Collected data
Inductive st (c : bool) : typ -> Type :=
| F (t : typ) : fm c t -> st c t
| hone (t : typ) : st c t
| czero (t : typ) : st c t
| SP : st c T2 -> st c T1
| SN : st c T1 -> st c T2
| hmeet (t : typ) : st c t -> st c t -> st c t
| cjoin (t : typ) : st c t -> st c t -> st c t
| cimp (t : typ) : st c t -> st c t -> st c t
| hsub (t : typ) : st c t -> st c t -> st c t
| star (t : typ) : c = true -> st c t -> st c t.

Arguments F {c t} _.
Arguments hone {c} t.
Arguments czero {c} t.
Arguments SP {c} _.
Arguments SN {c} _.
Arguments hmeet {c t} _ _.
Arguments cjoin {c t} _ _.
Arguments cimp {c t} _ _.
Arguments hsub {c t} _ _.
Arguments star {c t} _ _.

Record seqt (c : bool) : Type := Sq { sty : typ; lhs : st c sty; rhs : st c sty }.
Arguments Sq {c sty} _ _.
Arguments sty {c} _.
Arguments lhs {c} _.
Arguments rhs {c} _.

Inductive rule (c : bool) : list (seqt c) -> seqt c -> Type :=
| r_disp1 t (X Y Z : st c t) : rule c [Sq (hmeet X Y) Z] (Sq X (cimp Y Z))
| r_disp1' t (X Y Z : st c t) : rule c [Sq X (cimp Y Z)] (Sq (hmeet X Y) Z)
| r_disp2 t (X Y Z : st c t) : rule c [Sq X (cjoin Y Z)] (Sq (hsub X Y) Z)
| r_disp2' t (X Y Z : st c t) : rule c [Sq (hsub X Y) Z] (Sq X (cjoin Y Z))
| r_dispPN (X : st c T2) (Y : st c T1) : rule c [Sq (SP X) Y] (Sq X (SN Y))
| r_dispPN' (X : st c T2) (Y : st c T1) : rule c [Sq X (SN Y)] (Sq (SP X) Y)
| r_dispNP (X : st c T1) (Y : st c T2) : rule c [Sq (SN X) Y] (Sq X (SP Y))
| r_dispNP' (X : st c T1) (Y : st c T2) : rule c [Sq X (SP Y)] (Sq (SN X) Y)
| r_id t n : rule c [] (Sq (F (atom t n)) (F (atom t n)))
| r_cut t (X Y : st c t) (A : fm c t) : rule c [Sq X (F A); Sq (F A) Y] (Sq X Y)
| r_unitL t (X Y : st c t) : rule c [Sq (hmeet X (hone t)) Y] (Sq X Y)
| r_unitR t (X Y : st c t) : rule c [Sq X (cjoin Y (czero t))] (Sq X Y)
| r_exL t (X Y Z : st c t) : rule c [Sq (hmeet X Y) Z] (Sq (hmeet Y X) Z)
| r_exR t (X Y Z : st c t) : rule c [Sq X (cjoin Y Z)] (Sq X (cjoin Z Y))
| r_assocL t (X Y Z W : st c t) :
    rule c [Sq (hmeet (hmeet X Y) Z) W] (Sq (hmeet X (hmeet Y Z)) W)
| r_assocR t (X Y Z W : st c t) :
    rule c [Sq X (cjoin (cjoin Y Z) W)] (Sq X (cjoin Y (cjoin Z W)))
| r_weakL t (X Y Z : st c t) : rule c [Sq X Z] (Sq (hmeet X Y) Z)
| r_weakR t (X Y Z : st c t) : rule c [Sq X Y] (Sq X (cjoin Y Z))
| r_contrL t (X Z : st c t) : rule c [Sq (hmeet X X) Z] (Sq X Z)
| r_contrR t (X Y : st c t) : rule c [Sq X (cjoin Y Y)] (Sq X Y)
| r_oneL t (X : st c t) : rule c [Sq (hone t) X] (Sq (F (one t)) X)
| r_oneR t : rule c [] (Sq (hone t) (F (one t)))
| r_zeroL t : rule c [] (Sq (F (zero t)) (czero t))
| r_zeroR t (X : st c t) : rule c [Sq X (czero t)] (Sq X (F (zero t)))
| r_meetL t (A B : fm c t) (X : st c t) :
    rule c [Sq (hmeet (F A) (F B)) X] (Sq (F (meet A B)) X)
| r_meetR t (X Y : st c t) (A B : fm c t) :
    rule c [Sq X (F A); Sq Y (F B)] (Sq (hmeet X Y) (F (meet A B)))
| r_joinL t (A B : fm c t) (X Y : st c t) :
    rule c [Sq (F A) X; Sq (F B) Y] (Sq (F (join A B)) (cjoin X Y))
| r_joinR t (X : st c t) (A B : fm c t) :
    rule c [Sq X (cjoin (F A) (F B))] (Sq X (F (join A B)))
| r_NN (X Y : st c T1) : rule c [Sq X Y] (Sq (SN X) (SN Y))
| r_NN' (X Y : st c T1) : rule c [Sq (SN X) (SN Y)] (Sq X Y)
| r_PP (X Y : st c T2) : rule c [Sq X Y] (Sq (SP X) (SP Y))
| r_PP' (X Y : st c T2) : rule c [Sq (SP X) (SP Y)] (Sq X Y)
| r_zeroP (X : st c T1) : rule c [Sq (czero T1) X] (Sq (SP (czero T2)) X)
| r_oneP (X : st c T1) : rule c [Sq X (hone T1)] (Sq X (SP (hone T2)))
| r_nL (A : fm c T1) (X : st c T2) : rule c [Sq (SN (F A)) X] (Sq (F (nf A)) X)
| r_nR (X : st c T2) (A : fm c T1) : rule c [Sq X (SN (F A))] (Sq X (F (nf A)))
| r_pL (A : fm c T2) (X : st c T1) : rule c [Sq (SP (F A)) X] (Sq (F (pf A)) X)
| r_pR (X : st c T1) (A : fm c T2) : rule c [Sq X (SP (F A))] (Sq X (F (pf A)))
| r_sw1 (h : c = true) t (X Y : st c t) : rule c [Sq (star h X) Y] (Sq (star h Y) X)
| r_sw2 (h : c = true) t (X Y : st c t) : rule c [Sq X (star h Y)] (Sq Y (star h X))
| r_contra (h : c = true) t (X Y : st c t) : rule c [Sq X Y] (Sq (star h Y) (star h X))
| r_contra' (h : c = true) t (X Y : st c t) : rule c [Sq (star h Y) (star h X)] (Sq X Y)
| r_NstarL (h : c = true) (X : st c T1) (Y : st c T2) :
    rule c [Sq (SN (star h X)) Y] (Sq (star h (SN X)) Y)
| r_NstarR (h : c = true) (X : st c T2) (Y : st c T1) :
    rule c [Sq X (SN (star h Y))] (Sq X (star h (SN Y)))
| r_negL (h : c = true) t (A : fm c t) (Y : st c t) :
    rule c [Sq (star h (F A)) Y] (Sq (F (neg h A)) Y)
| r_negR (h : c = true) t (X : st c t) (A : fm c t) :
    rule c [Sq X (star h (F A))] (Sq X (F (neg h A))).

Inductive der (c : bool) : seqt c -> Type :=
| dnode (ps : list (seqt c)) (s : seqt c) : rule c ps s -> ders c ps -> der c s
with ders (c : bool) : list (seqt c) -> Type :=
| dnil : ders c []
| dcons (s : seqt c) (ps : list (seqt c)) : der c s -> ders c ps -> ders c (s :: ps).

Arguments dnode {c ps s} _ _.
Arguments dnil {c}.
Arguments dcons {c s ps} _ _.

Definition is_cut {c ps s} (r : rule c ps s) : Prop :=
  match r return Prop with r_cut _ _ _ _ _ => True | _ => False end.

Fixpoint cut_free {c s} (d : der c s) : Prop :=
  match d with dnode r ds => ~ is_cut r /\ cut_free_l ds end
with cut_free_l {c ps} (ds : ders c ps) : Prop :=
  match ds with dnil => True | dcons d ds' => cut_free d /\ cut_free_l ds' end.

Definition afm (c : bool) : Type := { t : typ & fm c t }.

Fixpoint fms_st {c t} (X : st c t) : list (afm c) :=
  match X with
  | F A => [existT _ _ A]
  | hone _ => []
  | czero _ => []
  | SP Y => fms_st Y
  | SN Y => fms_st Y
  | hmeet Y Z => fms_st Y ++ fms_st Z
  | cjoin Y Z => fms_st Y ++ fms_st Z
  | cimp Y Z => fms_st Y ++ fms_st Z
  | hsub Y Z => fms_st Y ++ fms_st Z
  | star _ Y => fms_st Y
  end.

Definition seq_fms {c} (s : seqt c) : list (afm c) := fms_st (lhs s) ++ fms_st (rhs s).

Fixpoint occurs {c s} (A : afm c) (d : der c s) : Prop :=
  In A (seq_fms s) \/ match d with dnode _ ds => occurs_l A ds end
with occurs_l {c ps} (A : afm c) (ds : ders c ps) : Prop :=
  match ds with dnil => False | dcons d ds' => occurs A d \/ occurs_l A ds' end.

Inductive subfm (c : bool) : afm c -> afm c -> Prop :=
| sf_refl A : subfm c A A
| sf_pf A (B : fm c T2) : subfm c A (existT _ T2 B) -> subfm c A (existT _ T1 (pf B))
| sf_nf A (B : fm c T1) : subfm c A (existT _ T1 B) -> subfm c A (existT _ T2 (nf B))
| sf_meetl A t (B C : fm c t) : subfm c A (existT _ t B) -> subfm c A (existT _ t (meet B C))
| sf_meetr A t (B C : fm c t) : subfm c A (existT _ t C) -> subfm c A (existT _ t (meet B C))
| sf_joinl A t (B C : fm c t) : subfm c A (existT _ t B) -> subfm c A (existT _ t (join B C))
| sf_joinr A t (B C : fm c t) : subfm c A (existT _ t C) -> subfm c A (existT _ t (join B C))
| sf_neg A t (h : c = true) (B : fm c t) :
    subfm c A (existT _ t B) -> subfm c A (existT _ t (neg h B)).

From Stdlib Require Import List Program.Equality Eqdep_dec.

(* Cut elimination follows Belnap's method for display calculi. Cut-free
   derivable sequents are closed under cut: in a cut-free derivation of
   [X |- A], resp. [A |- Y], the occurrences of [A] on the succedent, resp.
   antecedent, side can be replaced throughout by [Y], resp. [X], because every
   rule stays an instance of itself under uniform substitution of its
   parameters, and where an occurrence is principal it is displayed alone, so
   the cut becomes a principal cut, reduced to cuts on immediate subformulas
   of [A] (induction on [A]). Every rule but Cut only has premises built from
   subformulas of formulas of its conclusion, which gives the subformula
   property. *)

Section CutElimination.

Variable c : bool.

Inductive cf_derivable : seqt c -> Prop :=
| cf_rule ps s (r : rule c ps s) : ~ is_cut r -> Forall cf_derivable ps -> cf_derivable s.

Lemma cf_derivable_ind_nested (P : seqt c -> Prop) :
  (forall ps s (r : rule c ps s), ~ is_cut r -> Forall P ps -> P s) ->
  forall s, cf_derivable s -> P s.
Proof.
  intros Hrule; fix IH 2; intros s [ps s' r Hr Hps].
  apply (Hrule ps s' r Hr); clear r Hr.
  induction Hps as [|p ps Hp _ IHps]; constructor; [exact (IH p Hp) | exact IHps].
Qed.

Lemma cut_free_ders ps :
  Forall (fun p => exists d : der c p, cut_free d) ps -> exists ds : ders c ps, cut_free_l ds.
Proof.
  induction 1 as [|p ps [d Hd] _ [ds Hds]].
  - exists dnil; exact I.
  - exists (dcons d ds); split; assumption.
Qed.

Lemma cf_derivable_cut_free s : cf_derivable s -> exists d : der c s, cut_free d.
Proof.
  revert s; apply cf_derivable_ind_nested; intros ps s r Hr Hps.
  destruct (cut_free_ders ps Hps) as [ds Hds].
  exists (dnode r ds); split; assumption.
Qed.

Inductive sctx (h : typ) : typ -> Type :=
| Hole : sctx h h
| CF t : fm c t -> sctx h t
| Chone t : sctx h t
| Cczero t : sctx h t
| CSP : sctx h T2 -> sctx h T1
| CSN : sctx h T1 -> sctx h T2
| Chmeet t : sctx h t -> sctx h t -> sctx h t
| Ccjoin t : sctx h t -> sctx h t -> sctx h t
| Ccimp t : sctx h t -> sctx h t -> sctx h t
| Chsub t : sctx h t -> sctx h t -> sctx h t
| Cstar t : c = true -> sctx h t -> sctx h t.
Arguments Hole {h}.
Arguments CF {h t} _.
Arguments Chone {h} t.
Arguments Cczero {h} t.
Arguments CSP {h} _.
Arguments CSN {h} _.
Arguments Chmeet {h t} _ _.
Arguments Ccjoin {h t} _ _.
Arguments Ccimp {h t} _ _.
Arguments Chsub {h t} _ _.
Arguments Cstar {h t} _ _.

Fixpoint plug {h t} (K : sctx h t) (Z : st c h) : st c t :=
  match K in sctx _ t return st c t with
  | Hole => Z
  | CF A => F A
  | Chone t => hone t
  | Cczero t => czero t
  | CSP K => SP (plug K Z)
  | CSN K => SN (plug K Z)
  | Chmeet K1 K2 => hmeet (plug K1 Z) (plug K2 Z)
  | Ccjoin K1 K2 => cjoin (plug K1 Z) (plug K2 Z)
  | Ccimp K1 K2 => cimp (plug K1 Z) (plug K2 Z)
  | Chsub K1 K2 => hsub (plug K1 Z) (plug K2 Z)
  | Cstar e K => star e (plug K Z)
  end.

(* Polarity [false] is the antecedent, [true] the succedent; [holes_at b pol K]
   says that all holes of [K], placed at polarity [pol], have polarity [b]. *)
Fixpoint holes_at {h t} (b pol : bool) (K : sctx h t) : Prop :=
  match K with
  | Hole => pol = b
  | CF _ | Chone _ | Cczero _ => True
  | CSP K | CSN K => holes_at b pol K
  | Chmeet K1 K2 | Ccjoin K1 K2 => holes_at b pol K1 /\ holes_at b pol K2
  | Ccimp K1 K2 => holes_at b (negb pol) K1 /\ holes_at b pol K2
  | Chsub K1 K2 => holes_at b pol K1 /\ holes_at b (negb pol) K2
  | Cstar _ K => holes_at b (negb pol) K
  end.

Fixpoint const_ctx {h t} (X : st c t) : sctx h t :=
  match X with
  | F A => CF A
  | hone t => Chone t
  | czero t => Cczero t
  | SP X => CSP (const_ctx X)
  | SN X => CSN (const_ctx X)
  | hmeet X Y => Chmeet (const_ctx X) (const_ctx Y)
  | cjoin X Y => Ccjoin (const_ctx X) (const_ctx Y)
  | cimp X Y => Ccimp (const_ctx X) (const_ctx Y)
  | hsub X Y => Chsub (const_ctx X) (const_ctx Y)
  | star e X => Cstar e (const_ctx X)
  end.

Lemma plug_const_ctx h t (X : st c t) (Z : st c h) : plug (const_ctx X) Z = X.
Proof. induction X; simpl; congruence. Qed.

Lemma holes_at_const_ctx h t (X : st c t) b pol : holes_at b pol (@const_ctx h t X).
Proof. revert pol; induction X; simpl; auto. Qed.

(* [left_intro A W] ([right_intro A U]) says that [A |- W] ([U |- A]) is the
   conclusion of a left (right) introduction of [A] from cut-free derivable premises. *)
Definition left_intro {t} (A : fm c t) : st c t -> Prop :=
  match A in fm _ t return st c t -> Prop with
  | atom t n => fun W => W = F (atom t n)
  | one t => fun W => cf_derivable (Sq (hone t) W)
  | zero t => fun W => W = czero t
  | pf B => fun W => cf_derivable (Sq (SP (F B)) W)
  | nf B => fun W => cf_derivable (Sq (SN (F B)) W)
  | meet B C => fun W => cf_derivable (Sq (hmeet (F B) (F C)) W)
  | join B C => fun W => exists W1 W2, W = cjoin W1 W2 /\
                  cf_derivable (Sq (F B) W1) /\ cf_derivable (Sq (F C) W2)
  | neg e B => fun W => cf_derivable (Sq (star e (F B)) W)
  end.
Lemma labeling_of_mem I p : labeling_of I p \in R p.
Proof. by case: (labeling_ofP I p) => [->|[]//]; exact: maxR_mem. Qed.

Lemma labeling_of_cover I : order_ideal I ->
  forall p1 p2, pcover p1 p2 -> labeling_of I p1 < labeling_of I p2.
Proof.
move=> I_ideal p1 p2 cov; have [min_lt max_lt] := R_consistent cov.
case: (labeling_ofP I p2) => [-> | [k2R [v2 I2]]].
  exact: le_lt_trans (labeling_of_le_max I p1) max_lt.
set k2 := labeling_of I p2 in k2R v2 I2 *.
have [k1 pk] : exists k1, is_pred (R p1) k2 k1.
  exact: is_pred_exists (minS_mem (R_nonempty p1)) (lt_le_trans min_lt (minS_le k2R)).
have [k1R k1k2 _] := pk; apply: le_lt_trans k1k2.
case: (leP (M p1) k1) => [Mk1 | k1M]; first exact: le_trans (labeling_of_le_max I p1) Mk1.
have v1 : gvert R (p1, k1) by apply/gvertP.
apply: labeling_of_le k1R _; exists v1.
exact: (I_ideal (exist _ _ v1) (exist _ _ v2) (gle_cover_pred cov v1 v2 pk) I2).
Qed.

Lemma labeling_of_inc I : order_ideal I -> inc R (labeling_of I).
Proof.
by move=> I_ideal; split; [exact: labeling_of_mem | exact/cover_homo_lt/labeling_of_cover].
Qed.

Lemma order_ideal_ideal_of f : inc R f -> order_ideal (ideal_of f).
Proof. by move=> f_inc u v; exact: gle_label_le. Qed.

Lemma ideal_ofK I : order_ideal I -> forall u, ideal_of (labeling_of I) u <-> I u.
Proof.
move=> I_ideal [[p k] v]; rewrite /ideal_of /=; split=> [lk | Iu].
- have [/= kR kM] := (gvertP _).1 v.
  case: (labeling_ofP I p) => [lM | [_ [vl Il]]].
    by move: kM; rewrite -lM ltNge lk.
  exact: (I_ideal (exist _ _ v) (exist _ _ vl) (gle_fibre v vl lk) Il).
- by apply: labeling_of_le (proj1 v) _; exists v.
Qed.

Exercise goal
Retype the entries above exactly, but only from the line containing "-> cf_derivable s." through the line containing "(* Polarity [false]", both included.

Expected answer
| cf_rule ps s (r : rule c ps s) : ~ is_cut r -> Forall cf_derivable ps -> cf_derivable s.

Lemma cf_derivable_ind_nested (P : seqt c -> Prop) :
  (forall ps s (r : rule c ps s), ~ is_cut r -> Forall P ps -> P s) ->
  forall s, cf_derivable s -> P s.
Proof.
  intros Hrule; fix IH 2; intros s [ps s' r Hr Hps].
  apply (Hrule ps s' r Hr); clear r Hr.
  induction Hps as [|p ps Hp _ IHps]; constructor; [exact (IH p Hp) | exact IHps].
Qed.

Lemma cut_free_ders ps :
  Forall (fun p => exists d : der c p, cut_free d) ps -> exists ds : ders c ps, cut_free_l ds.
Proof.
  induction 1 as [|p ps [d Hd] _ [ds Hds]].
  - exists dnil; exact I.
  - exists (dcons d ds); split; assumption.
Qed.

Lemma cf_derivable_cut_free s : cf_derivable s -> exists d : der c s, cut_free d.
Proof.
  revert s; apply cf_derivable_ind_nested; intros ps s r Hr Hps.
  destruct (cut_free_ders ps Hps) as [ds Hds].
  exists (dnode r ds); split; assumption.
Qed.

Inductive sctx (h : typ) : typ -> Type :=
| Hole : sctx h h
| CF t : fm c t -> sctx h t
| Chone t : sctx h t
| Cczero t : sctx h t
| CSP : sctx h T2 -> sctx h T1
| CSN : sctx h T1 -> sctx h T2
| Chmeet t : sctx h t -> sctx h t -> sctx h t
| Ccjoin t : sctx h t -> sctx h t -> sctx h t
| Ccimp t : sctx h t -> sctx h t -> sctx h t
| Chsub t : sctx h t -> sctx h t -> sctx h t
| Cstar t : c = true -> sctx h t -> sctx h t.
Arguments Hole {h}.
Arguments CF {h t} _.
Arguments Chone {h} t.
Arguments Cczero {h} t.
Arguments CSP {h} _.
Arguments CSN {h} _.
Arguments Chmeet {h t} _ _.
Arguments Ccjoin {h t} _ _.
Arguments Ccimp {h t} _ _.
Arguments Chsub {h t} _ _.
Arguments Cstar {h t} _ _.

Fixpoint plug {h t} (K : sctx h t) (Z : st c h) : st c t :=
  match K in sctx _ t return st c t with
  | Hole => Z
  | CF A => F A
  | Chone t => hone t
  | Cczero t => czero t
  | CSP K => SP (plug K Z)
  | CSN K => SN (plug K Z)
  | Chmeet K1 K2 => hmeet (plug K1 Z) (plug K2 Z)
  | Ccjoin K1 K2 => cjoin (plug K1 Z) (plug K2 Z)
  | Ccimp K1 K2 => cimp (plug K1 Z) (plug K2 Z)
  | Chsub K1 K2 => hsub (plug K1 Z) (plug K2 Z)
  | Cstar e K => star e (plug K Z)
  end.

(* Polarity [false] is the antecedent, [true] the succedent; [holes_at b pol K]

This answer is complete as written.